◆ **Task item**: All of the data that follows should be output again without any alteration.

-- Supplied material follows --

Lemma mult_count P (v : 'I_M.+1) : mult P v = count_mem (val v) (parts_seq P).
Proof.
rewrite /mult card_set_sumb -big_enum_ord /parts_seq count_map -sumb_count.
by apply: eq_bigr => i _; rewrite /= val_eqE.
Qed.

Lemma card_repeated_values P : #|repeated_values P| = num_repeated_vals (parts P).
Proof.
rewrite /repeated_values card_set_sumb /num_repeated_vals.
rewrite -(@sum_ord_mem_undup M.+1) ?parts_bounded //.
apply: eq_bigr => -[[|k] lt_kM] _; first by rewrite neq_ord0 mem_filter.
have count_parts : count_mem k.+1 (parts P) = count_mem k.+1 (parts_seq P).
  by rewrite /parts count_filter; apply: eq_count => y /=; case: (eqVneq y k.+1) => // ->.
rewrite mult_count neq_ord0 mem_filter /= count_parts.
case: ltnP => [two_le | _]; rewrite ?andbF ?andbT //.
by rewrite -has_pred1 has_count (ltnW two_le).
Qed.

End PartsOfPtuple.

Lemma g_odd_size M : g M = odd_size M.
Proof.
rewrite /g /odd_size -big_perimM_parts big_mkcondr.
by apply: eq_bigr => P _; rewrite odd_parts_all nparts_size; case: (all odd _); rewrite ?mul1n.
Qed.

Lemma h_distinct_size M : h M = distinct_size M.
Proof.
rewrite /h /distinct_size -big_perimM_parts big_mkcondr.
by apply: eq_bigr => P _; rewrite distinct_parts_uniq nparts_size; case: (uniq _); rewrite ?mul1n.
Qed.

Lemma card_perimM (M : nat) (p : pred (ptuple M)) :
  #|[set P | perimM P && p P]| = \sum_(P : ptuple M | perimM P) nat_of_bool (p P).
Proof. by rewrite card_set_sumb [RHS]big_mkcond; apply: eq_bigr => P _; case: (perimM P). Qed.

Lemma g1_fib_conv M : g1 M = fib_conv M.
Proof.
rewrite -one_even_count_fib_conv /g1 /one_even_count card_perimM -big_perimM_parts.
by apply: eq_bigr => P _; rewrite /G1_prop card_even_values.
Qed.

Lemma h1_fib_conv M : h1 M = fib_conv M.
Proof.
rewrite -one_repeated_count_fib_conv /h1 /one_repeated_count card_perimM -big_perimM_parts.
by apply: eq_bigr => P _; rewrite /H1_prop card_repeated_values.
Qed.

(** * Generating functions *)

Local Open Scope ring_scope.

Lemma coef_den j :
  den`_j = match j with 0 => 1 | 1 => -2 | 2 => -1 | 3 => 2 | 4 => 1 | _ => 0 end.
Proof.
have -> : den = 1 - 2%:R *: 'X - 'X^2 + 2%:R *: 'X^3 + 'X^4 by rewrite /den !scaler_nat; ring.
by rewrite !coefE; case: j => [|[|[|[|[|j]]]]].
Qed.

(* The hypotheses on P say that P agrees with den * A up to degree 4. *)
Lemma series_eq_den (a : nat -> nat) (P : {poly int}) : den_recurrence a ->
  P`_0 = 0 -> P`_1 = (a 1%N)%:R -> P`_2 = (a 2%N)%:R - 2%:R * (a 1%N)%:R ->
  P`_3 = (a 3%N)%:R - 2%:R * (a 2%N)%:R - (a 1%N)%:R ->
  P`_4 = (a 4%N)%:R - 2%:R * (a 3%N)%:R - (a 2%N)%:R + 2%:R * (a 1%N)%:R ->
  (forall n, (4 < n)%N -> P`_n = 0) -> series_eq a P den.
Proof.
move=> a_rec P0 P1 P2 P3 P4 P_gt4 N; apply/polyP => i; rewrite !coef_take_poly.
case: ifP => // lt_iN; rewrite coefM.
pose b k : int := if k == 0%N then 0 else (a k)%:R.
have -> : \sum_(j < i.+1) den`_j * (trunc_series a N)`_(i - j) =
           \sum_(j < i.+1) den`_j * b (i - j)%N.
  by apply: eq_bigr => j _; rewrite coef_poly ifT //; have := ltn_ord j; lia.
rewrite -(big_mkord xpredT (fun j => den`_j * b (i - j)%N)).
case: i lt_iN => [|[|[|[|[|k]]]]] _.
- by rewrite big_nat1 P0 /b mulr0.
- by rewrite /index_iota /= !big_cons big_nil !coef_den /b /= P1; ring.
- by rewrite /index_iota /= !big_cons big_nil !coef_den /b /= P2; ring.
- by rewrite /index_iota /= !big_cons big_nil !coef_den /b /= P3; ring.
- by rewrite /index_iota /= !big_cons big_nil !coef_den /b /= P4; ring.
rewrite (big_cat_nat (n := 5)) //= [X in _ + X]big_nat_cond [X in _ + X]big1 ?addr0; last first.
  by move=> [|[|[|[|[|j]]]]] /andP[/andP[] _] //; rewrite coef_den mul0r.
rewrite P_gt4 // /index_iota /= !big_cons big_nil !coef_den !subSS !subn0 /b /=.
have := congr1 (fun n : nat => n%:R : int) (a_rec k.+1 isT); rewrite ?natrD ?natrM /=.
lra.
Qed.

Lemma g_series : series_eq g ('X - 'X^3) den.
Proof.
have g_rec n : g n.+3 = (g n.+2 + g n.+1 + fib (n + 2))%N.
  by rewrite !g_odd_size odd_sizeSS_fib addn2.
have [g_1 g_2] : g 1 = 1%N /\ g 2 = 2%N by rewrite !g_odd_size /odd_size /= !big_cons !big_nil.
apply: series_eq_den (den_recurrence_fib_driven g_rec) _ _ _ _ _ _ => [||||| n n_gt4];
  rewrite ?(g_rec 1) ?(g_rec 0) ?g_1 ?g_2 !coefE //.
by case: n n_gt4 => [|[|[|[|[|n]]]]].
Qed.

Lemma h_series : series_eq h ('X - 'X^2) den.
Proof.
have h_rec n : h n.+3 = (h n.+2 + h n.+1 + fib (n + 1))%N.
  by rewrite !h_distinct_size distinct_sizeSS_fib addn1.
have [h_1 h_2] : h 1 = 1%N /\ h 2 = 1%N.
  by rewrite !h_distinct_size /distinct_size /= !big_cons !big_nil.
apply: series_eq_den (den_recurrence_fib_driven h_rec) _ _ _ _ _ _ => [||||| n n_gt4];
  rewrite ?(h_rec 1) ?(h_rec 0) ?h_1 ?h_2 !coefE //.
by case: n n_gt4 => [|[|[|[|[|n]]]]].
Qed.

Lemma fib_conv_series (a : nat -> nat) : a =1 fib_conv -> series_eq a ('X^2) den.
Proof.
move=> a_conv; have a_rec n : a n.+3 = (a n.+2 + a n.+1 + fib (n + 2))%N.
  by rewrite !a_conv fib_convSS addn2.
apply: series_eq_den (den_recurrence_fib_driven a_rec) _ _ _ _ _ _ => [||||| n n_gt4];
  rewrite ?(a_rec 1) ?(a_rec 0) ?a_conv !coefE //.
by case: n n_gt4 => [|[|[|[|[|n]]]]].
Qed.

Theorem mainTheorem3 :
  [/\ series_eq g ('X - 'X^3) den,
      series_eq h ('X - 'X^2) den,
      series_eq g1 ('X^2) den,
      series_eq h1 ('X^2) den
    & forall M : nat, (1 <= M)%N -> g1 M = h1 M].
Proof.
split; [exact: g_series | exact: h_series | exact/fib_conv_series/g1_fib_conv
  | exact/fib_conv_series/h1_fib_conv | by move=> M _; rewrite g1_fib_conv h1_fib_conv].
Qed.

-- Supplied material concluded --

◆ **Task result**:
Lemma mult_count P (v : 'I_M.+1) : mult P v = count_mem (val v) (parts_seq P).
Proof.
rewrite /mult card_set_sumb -big_enum_ord /parts_seq count_map -sumb_count.
by apply: eq_bigr => i _; rewrite /= val_eqE.
Qed.

Lemma card_repeated_values P : #|repeated_values P| = num_repeated_vals (parts P).
Proof.
rewrite /repeated_values card_set_sumb /num_repeated_vals.
rewrite -(@sum_ord_mem_undup M.+1) ?parts_bounded //.
apply: eq_bigr => -[[|k] lt_kM] _; first by rewrite neq_ord0 mem_filter.
have count_parts : count_mem k.+1 (parts P) = count_mem k.+1 (parts_seq P).
  by rewrite /parts count_filter; apply: eq_count => y /=; case: (eqVneq y k.+1) => // ->.
rewrite mult_count neq_ord0 mem_filter /= count_parts.
case: ltnP => [two_le | _]; rewrite ?andbF ?andbT //.
by rewrite -has_pred1 has_count (ltnW two_le).
Qed.

End PartsOfPtuple.

Lemma g_odd_size M : g M = odd_size M.
Proof.
rewrite /g /odd_size -big_perimM_parts big_mkcondr.
by apply: eq_bigr => P _; rewrite odd_parts_all nparts_size; case: (all odd _); rewrite ?mul1n.
Qed.

Lemma h_distinct_size M : h M = distinct_size M.
Proof.
rewrite /h /distinct_size -big_perimM_parts big_mkcondr.
by apply: eq_bigr => P _; rewrite distinct_parts_uniq nparts_size; case: (uniq _); rewrite ?mul1n.
Qed.

Lemma card_perimM (M : nat) (p : pred (ptuple M)) :
  #|[set P | perimM P && p P]| = \sum_(P : ptuple M | perimM P) nat_of_bool (p P).
Proof. by rewrite card_set_sumb [RHS]big_mkcond; apply: eq_bigr => P _; case: (perimM P). Qed.

Lemma g1_fib_conv M : g1 M = fib_conv M.
Proof.
rewrite -one_even_count_fib_conv /g1 /one_even_count card_perimM -big_perimM_parts.
by apply: eq_bigr => P _; rewrite /G1_prop card_even_values.
Qed.

Lemma h1_fib_conv M : h1 M = fib_conv M.
Proof.
rewrite -one_repeated_count_fib_conv /h1 /one_repeated_count card_perimM -big_perimM_parts.
by apply: eq_bigr => P _; rewrite /H1_prop card_repeated_values.
Qed.

(** * Generating functions *)

Local Open Scope ring_scope.

Lemma coef_den j :
  den`_j = match j with 0 => 1 | 1 => -2 | 2 => -1 | 3 => 2 | 4 => 1 | _ => 0 end.
Proof.
have -> : den = 1 - 2%:R *: 'X - 'X^2 + 2%:R *: 'X^3 + 'X^4 by rewrite /den !scaler_nat; ring.
by rewrite !coefE; case: j => [|[|[|[|[|j]]]]].
Qed.

(* The hypotheses on P say that P agrees with den * A up to degree 4. *)
Lemma series_eq_den (a : nat -> nat) (P : {poly int}) : den_recurrence a ->
  P`_0 = 0 -> P`_1 = (a 1%N)%:R -> P`_2 = (a 2%N)%:R - 2%:R * (a 1%N)%:R ->
  P`_3 = (a 3%N)%:R - 2%:R * (a 2%N)%:R - (a 1%N)%:R ->
  P`_4 = (a 4%N)%:R - 2%:R * (a 3%N)%:R - (a 2%N)%:R + 2%:R * (a 1%N)%:R ->
  (forall n, (4 < n)%N -> P`_n = 0) -> series_eq a P den.
Proof.
move=> a_rec P0 P1 P2 P3 P4 P_gt4 N; apply/polyP => i; rewrite !coef_take_poly.
case: ifP => // lt_iN; rewrite coefM.
pose b k : int := if k == 0%N then 0 else (a k)%:R.
have -> : \sum_(j < i.+1) den`_j * (trunc_series a N)`_(i - j) =
           \sum_(j < i.+1) den`_j * b (i - j)%N.
  by apply: eq_bigr => j _; rewrite coef_poly ifT //; have := ltn_ord j; lia.
rewrite -(big_mkord xpredT (fun j => den`_j * b (i - j)%N)).
case: i lt_iN => [|[|[|[|[|k]]]]] _.
- by rewrite big_nat1 P0 /b mulr0.
- by rewrite /index_iota /= !big_cons big_nil !coef_den /b /= P1; ring.
- by rewrite /index_iota /= !big_cons big_nil !coef_den /b /= P2; ring.
- by rewrite /index_iota /= !big_cons big_nil !coef_den /b /= P3; ring.
- by rewrite /index_iota /= !big_cons big_nil !coef_den /b /= P4; ring.
rewrite (big_cat_nat (n := 5)) //= [X in _ + X]big_nat_cond [X in _ + X]big1 ?addr0; last first.
  by move=> [|[|[|[|[|j]]]]] /andP[/andP[] _] //; rewrite coef_den mul0r.
rewrite P_gt4 // /index_iota /= !big_cons big_nil !coef_den !subSS !subn0 /b /=.
have := congr1 (fun n : nat => n%:R : int) (a_rec k.+1 isT); rewrite ?natrD ?natrM /=.
lra.
Qed.

Lemma g_series : series_eq g ('X - 'X^3) den.
Proof.
have g_rec n : g n.+3 = (g n.+2 + g n.+1 + fib (n + 2))%N.
  by rewrite !g_odd_size odd_sizeSS_fib addn2.
have [g_1 g_2] : g 1 = 1%N /\ g 2 = 2%N by rewrite !g_odd_size /odd_size /= !big_cons !big_nil.
apply: series_eq_den (den_recurrence_fib_driven g_rec) _ _ _ _ _ _ => [||||| n n_gt4];
  rewrite ?(g_rec 1) ?(g_rec 0) ?g_1 ?g_2 !coefE //.
by case: n n_gt4 => [|[|[|[|[|n]]]]].
Qed.

Lemma h_series : series_eq h ('X - 'X^2) den.
Proof.
have h_rec n : h n.+3 = (h n.+2 + h n.+1 + fib (n + 1))%N.
  by rewrite !h_distinct_size distinct_sizeSS_fib addn1.
have [h_1 h_2] : h 1 = 1%N /\ h 2 = 1%N.
  by rewrite !h_distinct_size /distinct_size /= !big_cons !big_nil.
apply: series_eq_den (den_recurrence_fib_driven h_rec) _ _ _ _ _ _ => [||||| n n_gt4];
  rewrite ?(h_rec 1) ?(h_rec 0) ?h_1 ?h_2 !coefE //.
by case: n n_gt4 => [|[|[|[|[|n]]]]].
Qed.

Lemma fib_conv_series (a : nat -> nat) : a =1 fib_conv -> series_eq a ('X^2) den.
Proof.
move=> a_conv; have a_rec n : a n.+3 = (a n.+2 + a n.+1 + fib (n + 2))%N.
  by rewrite !a_conv fib_convSS addn2.
apply: series_eq_den (den_recurrence_fib_driven a_rec) _ _ _ _ _ _ => [||||| n n_gt4];
  rewrite ?(a_rec 1) ?(a_rec 0) ?a_conv !coefE //.
by case: n n_gt4 => [|[|[|[|[|n]]]]].
Qed.

Theorem mainTheorem3 :
  [/\ series_eq g ('X - 'X^3) den,
      series_eq h ('X - 'X^2) den,
      series_eq g1 ('X^2) den,
      series_eq h1 ('X^2) den
    & forall M : nat, (1 <= M)%N -> g1 M = h1 M].
Proof.
split; [exact: g_series | exact: h_series | exact/fib_conv_series/g1_fib_conv
  | exact/fib_conv_series/h1_fib_conv | by move=> M _; rewrite g1_fib_conv h1_fib_conv].
Qed.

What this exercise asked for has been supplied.